Posted 23 March 2004 - 06:07 PM
No problems with overheating up till now, but I just wondered if it would make any sence to change the headgaskets now. Also because my wife will start using it just for small trips (heating up/cooling down often)
As I would do the job myself, it would give me the time to shedule and prepaire at ease. But would I save machining the heads? Or do I still have to do that?
I figured It will cost about $200 on gaskets and $100 on oil and coolants. So not a huge amount. And the gaskets are in the mail right now (I like to have some cheap US-spares as I live in Europe).
I won't do belts, hoses, oil pump, pulleys, etc (have done all of them resently).
Does it make sence or am I just looking for an excuse to get my hands greasy again?
Posted 23 March 2004 - 06:31 PM
Posted 23 March 2004 - 06:32 PM
Posted 23 March 2004 - 06:37 PM
Posted 23 March 2004 - 06:48 PM
If nothing else, the DOHC engine is cool, and working on it is a joy. It would be a good learning experience. If I do it again I will do things differently, that's for sure.
Posted 23 March 2004 - 07:15 PM
many people can nurse it along when it does go by keeping the coolant topped off. i got by for about a month while i got parts together and figured out what i wanted to do.
Posted 23 March 2004 - 08:07 PM
So I was hoping for someone to develop a permanent cure for this and I think this is it.
At the last part of the article, there is a mention about air purge valve or something like that to solve this problem.

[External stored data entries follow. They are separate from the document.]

Theorem lemmaA7 (A eps : R) (a b a' b' : CC) :
  0 < A ->
  2 * Cmod a * exp (Cmod b + 1) <= A ->
  Cmod (Cminus b b') < eps ->
  Cmod (Cminus a a') < eps * Cmod a ->
  eps < Rmin (/ exp 1) (/ A) ->
  opnorm (M2sub
            (M2mul (M2mul (oneparam Ym b) (oneparam Xm a)) (oneparam Ym (Copp b)))
            (M2mul (M2mul (oneparam Ym b') (oneparam Xm a')) (oneparam Ym (Copp b'))))
  <= 12 * exp (A + Cmod b) * Cmod a * eps.
Proof.
  intros HA Hsmall Hb Ha Heps.
  destruct Xm_half_involution as (K & HK & HKk & HXm).
  destruct Ym_half_involution as (Y & HY & HYk & HYm).
  assert (Heps1 : eps < 1).
  { pose proof (exp_ineq1_le 1); pose proof (Rmin_l (/ exp 1) (/ A)).
    pose proof (Rinv_1_lt_contravar 1 (exp 1) (Rle_refl 1) ltac:(lra)); rewrite Rinv_1 in *.
    lra. }
  pose proof (Cmod_ge_0 a); pose proof (Cmod_ge_0 (b - b')).
  assert (Cmod a <= A) by (pose proof (exp_ineq1_le (Cmod b + 1)); pose proof (Cmod_ge_0 b); nra).
  assert (eps * Cmod a <= Cmod a) by nra.
  pose proof (Cmod_le_plus_Cmod_sub b b'); pose proof (Cmod_le_plus_Cmod_sub a a').
  rewrite HXm, HYm, !oneparam_scale.
  replace (- b * RtoC (/ 2))%C with (- (b * RtoC (/ 2)))%C by ring.
  replace (- b' * RtoC (/ 2))%C with (- (b' * RtoC (/ 2)))%C by ring.
  eapply Rle_trans.
  { apply (opnorm_conj_M2exp_involution_sub_le Y K (3 / 2) 1 _ _ _ _ ((Cmod b + 1) / 2)
             (eps / 2) A (Cmod a / 2) (Cmod a) (eps * Cmod a / 2));
      rewrite ?Cmod_half, ?Cmod_half_sub; auto; lra. }
  replace (2 * ((Cmod b + 1) / 2)) with (Cmod b + 1) by field.
  rewrite !exp_plus. pose proof exp_le_3.
  assert (0 <= exp (Cmod b) * exp A * Cmod a * eps)
    by (repeat apply Rmult_le_pos; try lra; left; apply exp_pos).
  apply (Rle_trans _ (45 / 16 * exp 1 * (exp (Cmod b) * exp A * Cmod a * eps)));
    [apply Req_le; field | nra].
Qed.
(* Both leading terms contain x_c only if both minors have their anti-diagonal
   leading terms x_c x_d and x_c x_delta; then
   S(f_ab, f_alpha beta) = x_d x_alpha x_beta - x_delta x_a x_b.  If S reduces to 0,
   its leading term, a product of three distinct variables, is a multiple of the
   leading term of an inner 2-minor.  The only such minors are f_{a,delta} and
   f_{delta,b} when x_delta x_a x_b leads, and f_{a,r} and f_{h,b} when
   x_d x_alpha x_beta leads, and each has the required leading term exactly under
   one of the stated order conditions.  Conversely,
   S = - x_b f_{a,delta} - x_alpha f_{h,b} = - x_a f_{delta,b} - x_beta f_{a,r},
   and under the corresponding condition one of these sums is a standard expression. *)

From Pilot Require Import Defs.
From HB Require Import structures.
From mathcomp Require Import all_boot all_algebra finmap.
From mathcomp.multinomials Require Import monalg.
From mathcomp Require Import zify ring.

Set Implicit Arguments.
Unset Strict Implicit.
Unset Printing Implicit Defensive.

Import GRing.Theory.
Local Open Scope ring_scope.

Lemma exists_max_seq (T : eqType) (A : T -> Prop) (lt : rel T) (s : seq T) :
  (forall x, A x -> ~~ lt x x) ->
  (forall x y z, A x -> A y -> A z -> lt x y -> lt y z -> lt x z) ->
  (forall x y, A x -> A y -> x != y -> lt x y || lt y x) ->
  (forall x, x \in s -> A x) -> s != [::] ->
  exists2 x, x \in s & forall y, y \in s -> (y == x) || lt y x.
Proof.
move=> irr trans total; elim: s => // x [|y s] IH sA _.
  by exists x; rewrite ?inE // => y; rewrite inE => ->.
have xA : A x by apply: sA; rewrite inE eqxx.
have [z z_in z_max] : exists2 z, z \in y :: s & forall t, t \in y :: s -> (t == z) || lt t z.
  by apply: IH => // t t_in; apply: sA; rewrite inE t_in orbT.
have zA : A z by apply: sA; rewrite inE z_in orbT.
have [->|neq_xz] := eqVneq x z.
  by exists z => [|t]; rewrite inE ?eqxx // => /orP[->|/z_max].
case/orP: (total x z xA zA neq_xz) => [lt_xz|lt_zx].
  exists z => [|t]; first by rewrite inE z_in orbT.
  by rewrite inE => /orP[/eqP->|/z_max //]; rewrite lt_xz orbT.
exists x => [|t]; first by rewrite inE eqxx.
rewrite inE => /orP[->//|t_in]; have tA : A t by apply: sA; rewrite inE t_in orbT.
case/orP: (z_max t t_in) => [/eqP->|lt_tz]; first by rewrite lt_zx orbT.
by rewrite (trans t z x tA zA xA lt_tz lt_zx) orbT.
Qed.

Definition mon_in_VP (P : {fset vertex}) (m : monom) : Prop :=
  forall v, (m v != 0)%N -> v \in VP P.

Definition lex_le (P : {fset vertex}) (ltP : rel vertex) (m1 m2 : monom) : bool :=
  (m1 == m2) || lex_lt P ltP m1 m2.

Lemma mon_in_VP_ucm P v : v \in VP P -> mon_in_VP P (ucm v).
Proof. by move=> vP w; rewrite ucmE; have [<-|] := eqVneq v w. Qed.

Lemma mon_in_VP_mul P m1 m2 :
  mon_in_VP P m1 -> mon_in_VP P m2 -> mon_in_VP P (mulcm m1 m2).
Proof. by move=> m1P m2P v; rewrite mulcmE addn_eq0 negb_and => /orP[/m1P|/m2P]. Qed.

Section LexOrder.

Variables (P : {fset vertex}) (ltP : rel vertex).

Lemma lex_ltI (m1 m2 : monom) v : v \in VP P -> (m1 v < m2 v)%N ->
  (forall w, w \in VP P -> ltP v w -> m1 w = m2 w) -> lex_lt P ltP m1 m2.
Proof.
move=> vP lt_v eq_above; apply/hasP; exists v; rewrite // lt_v /=.
by apply/allP => w wP; apply/implyP => /(eq_above w wP) ->.
Qed.

Lemma lex_lt_witness (m1 m2 : monom) : lex_lt P ltP m1 m2 ->
  exists v, [/\ v \in VP P, (m1 v < m2 v)%N &
                forall w, w \in VP P -> ltP v w -> m1 w = m2 w].
Proof.
case/hasP => v vP /andP[lt_v /allP eq_above]; exists v; split => // w wP lt_vw.
by move: (eq_above w wP); rewrite lt_vw => /eqP.
Qed.

Lemma lex_lt_irr (m : monom) : ~~ lex_lt P ltP m m.
Proof. by apply/negP => /lex_lt_witness [v [_ /[!ltnn]]]. Qed.

Lemma lex_lt_mulr (m1 m2 w : monom) :
  lex_lt P ltP m1 m2 -> lex_lt P ltP (mulcm m1 w) (mulcm m2 w).
Proof.
case/lex_lt_witness => v [vP lt_v eq_above]; apply: (lex_ltI vP).
  by rewrite !mulcmE ltn_add2r.
by move=> u uP lt_vu; rewrite !mulcmE eq_above.
Qed.

Lemma lex_lt_mull (m1 m2 w : monom) :
  lex_lt P ltP m1 m2 -> lex_lt P ltP (mulcm w m1) (mulcm w m2).
Proof. by rewrite ![mulcm w _]mulcmC; apply: lex_lt_mulr. Qed.

Lemma lex_lt_mull_eq (m1 m2 w x1 x2 : monom) : x1 = mulcm w m1 -> x2 = mulcm w m2 ->
  lex_lt P ltP m1 m2 -> lex_lt P ltP x1 x2.
Proof. by move=> -> ->; apply: lex_lt_mull. Qed.

Lemma lex_lexx (m : monom) : lex_le P ltP m m.
Proof. by rewrite /lex_le eqxx. Qed.

Lemma lex_ltW (m1 m2 : monom) : lex_lt P ltP m1 m2 -> lex_le P ltP m1 m2.
Proof. by rewrite /lex_le => ->; rewrite orbT. Qed.

Hypothesis ordP : P_order P ltP.

Lemma ltP_asym u v : u \in VP P -> v \in VP P -> ltP u v -> ~~ ltP v u.
Proof.
case: ordP => irr trans _ uP vP lt_uv; apply/negP => lt_vu.
by move: (irr u uP); rewrite (trans u v u uP vP uP lt_uv lt_vu).
Qed.

Lemma lex_lt_asym (m1 m2 : monom) : lex_lt P ltP m1 m2 -> ~~ lex_lt P ltP m2 m1.
Proof.
case: ordP => _ _ total /lex_lt_witness [v [vP lt_v eq_v]].
apply/negP => /lex_lt_witness [u [uP lt_u eq_u]].
have [eq_vu|neq_vu] := eqVneq v u; first by move: lt_u; rewrite -eq_vu ltnNge ltnW.
case/orP: (total v u vP uP neq_vu) => [/(eq_v u uP)|/(eq_u v vP)] eq_m.
  by move: lt_u; rewrite eq_m ltnn.
by move: lt_v; rewrite eq_m ltnn.
Qed.

Lemma lex_lt_trans (m1 m2 m3 : monom) :
  lex_lt P ltP m1 m2 -> lex_lt P ltP m2 m3 -> lex_lt P ltP m1 m3.
Proof.
case: ordP => _ trans total /lex_lt_witness [v [vP lt_v eq_v]].
case/lex_lt_witness => u [uP lt_u eq_u].
have [eq_vu|neq_vu] := eqVneq v u.
  apply: (lex_ltI vP); first by rewrite (ltn_trans lt_v) // eq_vu.
  by move=> w wP lt_vw; rewrite eq_v // eq_u // -eq_vu.
case/orP: (total v u vP uP neq_vu) => [lt_vu|lt_uv].
  apply: (lex_ltI uP); first by rewrite eq_v.
  by move=> w wP lt_uw; rewrite eq_v ?eq_u //; apply: trans lt_vu lt_uw.
apply: (lex_ltI vP); first by rewrite -eq_u.
by move=> w wP lt_vw; rewrite eq_v ?eq_u //; apply: trans lt_uv lt_vw.
Qed.
(* Let $H$ be a monoid, with identity $1_H$ and group of units $H^\times$. The following are equivalent: (a) $\mathcal{P}_{\mathrm{fin},1}(H)$ is UmF; (b) $H\setminus H^\times$ is an almost-breakable subsemigroup of $H$, the group of units $H^\times$ has order $\le 2$, $H$ is the trivial ideal extension of $H\setminus H^\times$ by $H^\times$, and $\mathcal{P}_{\mathrm{fin},1}\big((H\setminus H^\times)\cup\{1_H\}\big)$ is UmF.
   Context: For a monoid $H$, $\mathcal{P}_{\mathrm{fin},1}(H)$ denotes the set of all non-empty finite subsets of $H$ containing $1_H$; it is a monoid under setwise multiplication $XY=\{xy: x\in X, y\in Y\}$, with identity $\{1_H\}$ (the reduced finitary power monoid of $H$). Divisibility in a monoid $M$: $x\mid_M y$ iff $y\in MxM=\{uxv: u,v\in M\}$; $x,y$ are associated if each divides the other; $x$ properly divides $y$ if $x\mid_M y$ but $y\nmid_M x$. A unit-divisor is an element dividing $1_M$; otherwise it is a non-unit-divisor. An irreducible of $M$ is a non-unit-divisor $a$ such that $a\neq xy$ for all non-unit-divisors $x,y$ that both properly divide $a$. Factorizations: a factorization of $x\in M$ is a finite word $a_1\ast\cdots\ast a_n$ (possibly empty) in the free monoid over the set of irreducibles of $M$ with $a_1\cdots a_n=x$. For words $\mathfrak a,\mathfrak b$ over $M$, write $\mathfrak a\sqsubseteq\mathfrak b$ if $\mathfrak a$ is, up to replacing letters by associated elements, a subword (subsequence) of some permutation of $\mathfrak b$; $\mathfrak a,\mathfrak b$ are equivalent if $\mathfrak a\sqsubseteq\mathfrak b\sqsubseteq\mathfrak a$. A factorization $\mathfrak a$ of $x$ is minimal if there is no factorization $\mathfrak b$ of $x$ with $\mathfrak b\sqsubseteq\mathfrak a$ and $\mathfrak a\not\sqsubseteq\mathfrak b$. $M$ is factorable if every non-unit-divisor is a product of irreducibles, and $M$ is UmF if it is factorable and any two minimal factorizations of the same element are equivalent. A semigroup $S$ is almost-breakable if for all $x,y\in S$, $xy\in\{x,y\}$ or $yx\in\{x,y\}$. For disjoint semigroups $G$ and $K$, the trivial ideal extension of $K$ by $G$ is the semigroup on $G\cup K$ extending the operations of $G$ and $K$ by $xy=yx=y$ for all $x\in G$, $y\in K$; ''$H$ is the trivial ideal extension of $H\setminus H^\times$ by $H^\times$'' means the multiplication of $H$ coincides with this operation, i.e. $uy=yu=y$ for all $u\in H^\times$, $y\in H\setminus H^\times$. *)

(* Sub-monoids are described by a domain predicate [D] on the
   carrier; all notions of a monoid M below quantify only over elements
   satisfying [D]. *)
From Stdlib Require Import List Permutation.
Import ListNotations.
Set Implicit Arguments.

Section MonoidNotions.
Variables (T : Type) (D : T -> Prop) (mul : T -> T -> T) (one : T).

Definition mdivides (x y : T) : Prop :=
  exists u v, D u /\ D v /\ y = mul (mul u x) v.

Definition massociated (x y : T) : Prop := mdivides x y /\ mdivides y x.

Definition mproperly_divides (x y : T) : Prop := mdivides x y /\ ~ mdivides y x.

Definition unit_divisor (x : T) : Prop := mdivides x one.

Definition irreducible (a : T) : Prop :=
  D a /\ ~ unit_divisor a /\
  ~ (exists x y, D x /\ D y /\ ~ unit_divisor x /\ ~ unit_divisor y /\
        mproperly_divides x a /\ mproperly_divides y a /\ a = mul x y).

Definition wprod (w : list T) : T := fold_right mul one w.

Definition factorization (w : list T) (x : T) : Prop :=
  Forall irreducible w /\ wprod w = x.

Inductive subword : list T -> list T -> Prop :=
| subword_nil : subword [] []
| subword_skip : forall x l1 l2, subword l1 l2 -> subword l1 (x :: l2)
| subword_keep : forall x l1 l2, subword l1 l2 -> subword (x :: l1) (x :: l2).

Definition wle (a b : list T) : Prop :=
  exists a' p, Forall2 massociated a a' /\ Permutation b p /\ subword a' p.

Definition wequiv (a b : list T) : Prop := wle a b /\ wle b a.

Definition minimal_factorization (a : list T) (x : T) : Prop :=
  factorization a x /\
  ~ (exists b, factorization b x /\ wle b a /\ ~ wle a b).

Definition factorable : Prop :=
  forall x, D x -> ~ unit_divisor x -> exists a, factorization a x.

Definition UmF : Prop :=
  factorable /\
  forall x a b, D x -> minimal_factorization a x -> minimal_factorization b x ->
    wequiv a b.

End MonoidNotions.

Section PowerMonoid.
Variables (H : Type) (mul : H -> H -> H) (one : H).

Definition is_monoid : Prop :=
  (forall x y z, mul x (mul y z) = mul (mul x y) z) /\
  (forall x, mul one x = x) /\ (forall x, mul x one = x).

Definition is_unit (u : H) : Prop := exists v, mul u v = one /\ mul v u = one.

Definition set_mul (X Y : H -> Prop) : H -> Prop :=
  fun z => exists x y, X x /\ Y y /\ z = mul x y.

Definition set_one : H -> Prop := fun z => z = one.

Definition finite_set (X : H -> Prop) : Prop :=
  exists l : list H, forall x, X x -> In x l.

Definition Pfin1_dom (S : H -> Prop) (X : H -> Prop) : Prop :=
  finite_set X /\ X one /\ (forall x, X x -> S x).

Definition Pfin1_UmF (S : H -> Prop) : Prop :=
  UmF (Pfin1_dom S) set_mul set_one.

Definition subsemigroup (S : H -> Prop) : Prop :=
  forall x y, S x -> S y -> S (mul x y).

Definition almost_breakable (S : H -> Prop) : Prop :=
  forall x y, S x -> S y ->
    (mul x y = x \/ mul x y = y) \/ (mul y x = x \/ mul y x = y).

Definition units_order_le2 : Prop :=
  exists u0 u1, forall u, is_unit u -> u = u0 \/ u = u1.

Definition trivial_ideal_extension : Prop :=
  forall u y, is_unit u -> ~ is_unit y -> mul u y = y /\ mul y u = y.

I asked the author of the site about detailed pictures and how-tos. Right now, he has some trouble updating his web site but he will give me an update when he is able to upload the information.
I will never touch my cooling system (which was serviced by dealer recently) thus introducing air, until I get this modification done to my car.
Or, could someone more mechanically intelligent figure this out and post how-to for dummy? I'd be much obliged.
Posted 23 March 2004 - 09:57 PM
I haven't heard of too many failures on the 1996 model. But there is no way for me to know if it is simply because there are less of them around, or because the engine is a bit less powerful, or both.
The Phase I head gasket failure is exaberated by "load" conditions. That is, hiway running, towing, etc. Operating that calls for more from the engine. The pattern often is that people can run around town all day long with no problem, for weeks or even months on end, then the one day that they hit the hiway, the car overheats. In the early stages, the "leak" that opens up between the combustion chamber and the coolant passages doesn't even exist until the engine is being pushed.
Therefore, I would be "less" concerned if the car is about to see duty which is short trip driving. I'm assuming that these trips are not hard running trips (you don't say what sort of driving). There is credence to "if it aint' broke, don't fix it". Keep an eye on the coolant and expansion bottle. Watch the temperature gauge. You might install a more sensitive gauge if you like. Start a savings fund for the "head gasket repair" if you want. If it happens, you will not be hit so hard. If it doesn't, you have some cash that is still yours.
Edit - I see you are in the Netherlands. I know that some of the world gets the models a year before we do in North America. Hence, I'm not 100% sure what hp your engine has. (And the standard for rating is a bit different in Europe too.)
My 2 cents.
Posted 24 March 2004 - 01:39 AM
But keep the HG set handy, and put money aside for the day it might blow.
Posted 24 March 2004 - 01:46 PM
Just to give some answers to your questions above.
My car is US built (private import when Outbacks were not sold here).
I have used it under heavy circomstances (towing a 2200 lbs caravan up a 10-12% for 30 minutes was max. Boy, did the engine smell after that!)
Yep Holland is small but I don't care were it hapens, but when it hapens.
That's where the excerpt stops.